All the tests were done on an Arch Linux x86_64 machine with an Intel(R) Core(TM) i7 CPU (1.90GHz).
We show the performance of computing empirical likelihood with
el_mean()
. We test the computation speed with simulated
data sets in two different settings: 1) the number of observations
increases with the number of parameters fixed, and 2) the number of
parameters increases with the number of observations fixed.

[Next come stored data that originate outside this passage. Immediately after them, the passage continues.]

Lemma nwalkSS k x y : nwalk k x y -> nwalk k.+2 x y.
Proof.
have [z eyz] := has_nbr y; rewrite -addn2 => h; apply: (nwalk_trans h).
by rewrite nwalkSl; apply/existsP; exists z; rewrite eyz nwalk1 e_sym.
Qed.

Lemma nwalk_parity_leq n K x y : nwalk n x y -> (n <= K)%N -> odd n = odd K ->
  nwalk K x y.
Proof.
move=> h nK hodd; have even_diff : odd (K - n) = false by rewrite oddB // hodd addbb.
have -> : K = (n + (K - n)./2.*2)%N.
  by have := odd_double_half (K - n); rewrite even_diff /=; lia.
by elim: (K - n)./2 => [|i IH]; rewrite ?addn0 // doubleS !addnS nwalkSS.
Qed.

Definition odd_closed_walk := exists z k, odd k && nwalk k z z.

(* Pad a walk x ~> z ~> y through an odd closed walk at z to fix its parity. *)
Lemma odd_closed_walk_nwalk : odd_closed_walk -> exists K, forall x y, nwalk K x y.
Proof.
case=> z [L /andP[oL hL]]; exists (2 * walk_len_max + L)%N => x y.
have lxz := walk_len_le x z; have lzy := walk_len_le z y.
have hxzy := nwalk_trans (walk_lenP x z) (walk_lenP z y).
have hxzzy := nwalk_trans (nwalk_trans (walk_lenP x z) hL) (walk_lenP z y).
have [hp|hp] := eqVneq (odd (walk_len x z + walk_len z y)) (odd (2 * walk_len_max + L)).
  by apply: (nwalk_parity_leq hxzy) => //; lia.
apply: (nwalk_parity_leq hxzzy); first lia.
by move: hp; rewrite !oddD oL; do 3 case: odd.
Qed.

Variable u : T.

Definition side x := odd (walk_len u x).

Lemma nwalk_side k x y : ~ odd_closed_walk -> nwalk k x y -> odd k = side x (+) side y.
Proof.
move=> no h.
have hc : nwalk (walk_len u x + k + walk_len u y) u u.
  by apply: nwalk_trans (nwalk_trans (walk_lenP u x) h) _; rewrite nwalk_sym walk_lenP.
have : ~~ odd (walk_len u x + k + walk_len u y).
  by apply/negP => ho; apply: no; exists u, (walk_len u x + k + walk_len u y)%N; rewrite ho.
by rewrite /side !oddD; do 3 case: odd.
Qed.

Lemma side_edge x y : ~ odd_closed_walk -> e x y -> side y = ~~ side x.
Proof. by move=> no; rewrite -nwalk1 => /(nwalk_side no) /=; do 2 case: side. Qed.

Lemma nwalk_same_side x y : side x = side y -> nwalk (2 * walk_len_max) x y.
Proof.
move=> hs; have h : nwalk (walk_len u x + walk_len u y) x y.
  by apply: nwalk_trans (walk_lenP u y); rewrite nwalk_sym walk_lenP.
apply: (nwalk_parity_leq h).
  by have := walk_len_le u x; have := walk_len_le u y; lia.
by rewrite oddD -/(side x) -/(side y) hs addbb oddM.
Qed.

End ExactLengthWalks.

Section WalkPositivity.
Variables (R : realType) (T : finType) (e : rel T).
Hypotheses (e_irr : irreflexive e) (deg_neq0 : forall x, deg e x != 0%N).
Implicit Types (g : R) (w x y : T).

Lemma step_prob_diag g x : step_prob e g x x = g.
Proof. by rewrite /step_prob eqxx (negPf (deg_neq0 x)). Qed.

Lemma step_prob_edge g x y : e x y -> step_prob e g x y = (1 - g) / (deg e x)%:R.
Proof. by move=> exy; rewrite /step_prob exy; case: eqVneq exy => // ->; rewrite e_irr. Qed.

Lemma walk_dist_ge_step g w k x y : 0 <= g <= 1 ->
  walk_dist e g w k x * step_prob e g x y <= walk_dist e g w k.+1 y.
Proof.
by move=> g01 /=; apply: ler_sum_term => z; rewrite mulr_ge0 ?walk_dist_ge0 ?step_prob_ge0.
Qed.

Lemma walk_dist_gt0 g w k y : 0 <= g < 1 -> nwalk e k w y -> 0 < walk_dist e g w k y.
Proof.
move=> /andP[g0 g1]; have g01 : 0 <= g <= 1 by rewrite g0 ltW.
elim: k y => [y /eqP <-|k IH y /existsP[z /andP[hz ezy]]]; first by rewrite /= eqxx.
apply: (lt_le_trans _ (walk_dist_ge_step w k z y g01)).
rewrite mulr_gt0 ?IH // step_prob_edge // divr_gt0 ?subr_gt0 //.
by rewrite ltr0n lt0n deg_neq0.
Qed.

Lemma walk_dist_lazy_gt0 g w j k y : 0 < g <= 1 -> (j <= k)%N ->
  0 < walk_dist e g w j y -> 0 < walk_dist e g w k y.
Proof.
move=> /andP[g0 g1] /subnK <-; elim: (k - j)%N => [|i IH] h; rewrite ?add0n //.
apply: (lt_le_trans _ (walk_dist_ge_step w _ y y _)); last by rewrite ltW.
by rewrite step_prob_diag mulr_gt0 ?IH.
Qed.

Lemma walk_dist0_eq0 w k y : ~~ nwalk e k w y -> walk_dist e (0 : R) w k y = 0.
Proof.
elim: k y => [|k IH] y /=; first by rewrite eq_sym => /negPf ->.
move=> hn; apply: big1 => z _; have [hz|hz] := boolP (nwalk e k w z); last first.
  by rewrite IH // mul0r.
have [<-|nzy] := eqVneq z y; first by rewrite step_prob_diag mulr0.
rewrite /step_prob (negPf nzy); case: ifP => [ezy|_]; last by rewrite mulr0.
by case/existsP: hn; exists z; rewrite hz ezy.
Qed.

End WalkPositivity.

Section Stationary.
Variables (R : realType) (T : finType) (e : rel T).
Hypotheses (e_sym : symmetric e) (e_irr : irreflexive e).
Hypothesis deg_neq0 : forall x, deg e x != 0%N.
Variable t0 : T.
Implicit Types (g : R) (x y : T).

Local Notation degR x := ((deg e x)%:R : R).

Definition vol : R := \sum_x degR x.

Definition stat_dist x : R := degR x / vol.

Lemma sum_edge_const (c : R) y : \sum_x (if e x y then c else 0) = c * degR y.
Proof.
rewrite -big_mkcond /= sumr_const -[_ *+ _]mulr_natr /deg /nbrs.
by congr (_ * _%:R); apply: eq_card => x; rewrite inE e_sym.
Qed.

Lemma sum_step_prob_into g (F : T -> R) y :
  \sum_x F x * step_prob e g x y =
  F y * g + \sum_x (if e x y then F x * ((1 - g) / degR x) else 0).
Proof.
rewrite (bigD1 y) //= step_prob_diag // [in RHS](bigD1 y) //= e_irr add0r.
congr (_ + _); apply: eq_bigr => x nxy; case: ifP => [exy|nexy].
  by rewrite step_prob_edge.
by rewrite /step_prob (negPf nxy) nexy mulr0.
Qed.

Lemma vol_gt0 : 0 < vol.
Proof.
apply: lt_le_trans (ler_sum_term t0 (fun x => ler0n _ _)).
by rewrite ltr0n lt0n deg_neq0.
Qed.

Lemma stat_dist_ge x : vol^-1 <= stat_dist x.
Proof.
rewrite -[X in X <= _]mul1r ler_wpM2r ?invr_ge0 ?(ltW vol_gt0) //.
by rewrite ler1n lt0n deg_neq0.
Qed.

Lemma stat_dist_ge0 x : 0 <= stat_dist x.
Proof. by apply: le_trans (stat_dist_ge x); rewrite invr_ge0 ltW ?vol_gt0. Qed.

Lemma sum_stat_dist : \sum_x stat_dist x = 1.
Proof. by rewrite -mulr_suml divff // gt_eqF ?vol_gt0. Qed.

Lemma stat_dist_stationary g : walk_evolution e g (fun=> stat_dist).
Proof.
move=> _ y; have vol_neq0 : vol != 0 by rewrite gt_eqF ?vol_gt0.
rewrite sum_step_prob_into.
rewrite (eq_bigr (fun x => if e x y then (1 - g) / vol else 0)); last first.
  move=> x _; case: ifP => // _; rewrite /stat_dist; field.
  by rewrite vol_neq0 pnatr_eq0 deg_neq0.
by rewrite sum_edge_const /stat_dist; field.
Qed.
Lemma inpos_onto w : on_quadrant_border w -> w.1 <= rp -> w.2 <= sp ->
  exists2 k, k < p & I k = w.
Proof.
case: w => a b; rewrite /on_quadrant_border /in_quadrant /inpos /blen /brows /bcols /=.
case/andP=> /andP[rm_a sm_b] border a_rp b_sp.
have [a_rm|a_gt] := eqVneq a rm.
  by exists (sp - b); [lia | rewrite ifT; [congr (_, _) |]; lia].
have b_sm : b = sm by move: border; rewrite (negbTE a_gt) => /eqP.
exists (sp - sm + (a - rm)); first lia.
by rewrite ifF; [congr (_, _) |]; lia.
Qed.

Lemma path_enters_quadrant x s : path stepRel x s -> in_quadrant (last x s) ->
  ~~ in_quadrant x || on_quadrant_border x ->
  exists2 w, w \in x :: s & on_quadrant_border w.
Proof.
elim: s x => [|y s IH] x /=.
  by move=> _ ->; rewrite orFb => border; exists x; rewrite ?inE.
case/andP=> /stepRel_bounds[? ? ? ?] py y_end /orP[x_out|]; last first.
  by exists x; rewrite ?inE ?eqxx.
have [w wy w_border] : exists2 w, w \in y :: s & on_quadrant_border w.
  apply: IH => //; apply/orP; case y_in: (in_quadrant y); [right | by left].
  move: x_out; rewrite /on_quadrant_border y_in; move: y_in; rewrite /in_quadrant.
  by case/andP=> ? ? /nandP[] ?; apply/orP; [left | right]; apply/eqP; lia.
by exists w; rewrite // inE wy orbT.
Qed.

Section BlockReachability.
Variables (m n : nat) (M : 'M[bool]_(m, n)).

Lemma reach_enters_block y : rm <= y.1 <= rp -> sm <= y.2 <= sp -> reach M (0, 0) y ->
  exists2 k, k < p & reach M (0, 0) (I k) /\ reach M (I k) y.
Proof.
move=> /andP[rm_y y_rp] /andP[sm_y y_sp] [s [ps y_end ay]].
have [w ws w_border] : exists2 w, w \in (0, 0) :: s & on_quadrant_border w.
  apply: path_enters_quadrant ps _ _; first by rewrite y_end /in_quadrant rm_y sm_y.
  by rewrite /on_quadrant_border /in_quadrant /= !leqn0 ![0 == _]eq_sym;
    case: (rm == 0); case: (sm == 0).
have [reach_w w_y] := reach_through_path ps ay ws; rewrite y_end in w_y.
have [w1 w2] : w.1 <= y.1 /\ w.2 <= y.2.
  by case: w_y => t [pt <- _]; apply: path_last_ge.
have [k kp Ik] := inpos_onto w_border (leq_trans w1 y_rp) (leq_trans w2 y_sp).
by exists k; rewrite // Ik.
Qed.

Lemma reach_output_between k i a j z :
  k < p -> i < p -> z < p -> a <= j <= z ->
  reach M (0, 0) (I k) -> reach M (I k) (O a) -> reach M (I k) (O z) ->
  reach M (I i) (O j) -> reach M (0, 0) (O j).
Proof.
move=> kp ip zp /andP[aj jz] reach_k k_a k_z i_j; apply: reach_trans reach_k _.
have [le_ki|lt_ik] := leqP k i.
- have [? ?] := inpos_monotone le_ki ip; have [? ?] := outpos_monotone jz zp.
  by case: (reach_crossing k_z i_j).
- have [? ?] := inpos_monotone (ltnW lt_ik) kp.
  have [? ?] := outpos_monotone aj (leq_ltn_trans jz zp).
  by case: (reach_crossing i_j k_a).
Qed.

Theorem reach_output_iff j : j < p ->
  reach M (0, 0) (O j) <->
  fflag M rm rp sm sp j /\
  exists k a z, [/\ k < p, reach M (0, 0) (I k), is_sigmaA M rm rp sm sp k a,
                    is_sigmaZ M rm rp sm sp k z & a <= j <= z].
Proof.
move=> jp; split=> [reach_j|[[i ip i_j] [k [a [z [kp reach_k [_ k_a _] [zp k_z _] ajz]]]]]].
- have [? ? ? ?] := outpos_in_block jp.
  have [k kp [reach_k k_j]] := reach_enters_block (y := O j) ltac:(lia) ltac:(lia) reach_j.
  split; first by exists k.
  pose reached_from_k j' := reach M (I k) (O j').
  have [a [aj k_a amin]] := ex_least (P := reached_from_k) k_j.
  have [z [jz zp k_z zmax]] := ex_greatest_below (P := reached_from_k) k_j jp.
  exists k, a, z; split=> //; last by rewrite aj jz.
  by split=> //; apply: leq_ltn_trans jp.
- exact: reach_output_between kp ip zp ajz reach_k k_a k_z i_j.
Qed.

We fix the number of parameters at \(p =
10\), and simulate the parameter value and \(n \times p\) matrices using
rnorm()
. In order to ensure convergence with a large \(n\), we set a large threshold value using
el_control()
.
library(ggplot2)
library(microbenchmark)
set.seed(3175775)
p <- 10
par <- rnorm(p, sd = 0.1)
ctrl <- el_control(th = 1e+10)
result <- microbenchmark(
n1e2 = el_mean(matrix(rnorm(100 * p), ncol = p), par = par, control = ctrl),
n1e3 = el_mean(matrix(rnorm(1000 * p), ncol = p), par = par, control = ctrl),
n1e4 = el_mean(matrix(rnorm(10000 * p), ncol = p), par = par, control = ctrl),
n1e5 = el_mean(matrix(rnorm(100000 * p), ncol = p), par = par, control = ctrl)
)
Below are the results:
result
#> Unit: microseconds
#> expr min lq mean median uq max
#> n1e2 489.985 574.900 662.3438 628.9375 696.2745 1353.216
#> n1e3 1327.930 1550.459 1826.1303 1733.8020 1963.6575 4574.143
#> n1e4 11772.424 15431.341 19250.3760 17907.8280 20652.2630 41302.604
#> n1e5 252438.702 317889.392 376210.0851 367614.8005 409132.8455 688239.447
#> neval cld
#> 100 a
#> 100 a
#> 100 b
#> 100 c
autoplot(result)
This time we fix the number of observations at \(n = 1000\), and evaluate empirical likelihood at zero vectors of different sizes.
n <- 1000
result2 <- microbenchmark(
p5 = el_mean(matrix(rnorm(n * 5), ncol = 5),
par = rep(0, 5),
control = ctrl
),
p25 = el_mean(matrix(rnorm(n * 25), ncol = 25),
par = rep(0, 25),
control = ctrl
),
p100 = el_mean(matrix(rnorm(n * 100), ncol = 100),
par = rep(0, 100),
control = ctrl
),
p400 = el_mean(matrix(rnorm(n * 400), ncol = 400),
par = rep(0, 400),
control = ctrl
)
)
result2
#> Unit: microseconds
#> expr min lq mean median uq max
#> p5 780.880 839.8775 927.2409 870.144 932.8365 1679.635
#> p25 2960.475 3012.8495 3226.5720 3073.838 3122.5830 7679.690
#> p100 23441.655 25955.4235 29432.1342 28484.010 31172.2030 74972.406
#> p400 272724.494 300160.8705 346159.6825 324560.670 377741.0960 562418.610
#> neval cld
#> 100 a
#> 100 a
#> 100 b
#> 100 c
autoplot(result2)
On average, evaluating empirical likelihood with a 100000×10 or 1000×400 matrix at a parameter value satisfying the convex hull constraint takes less than a second.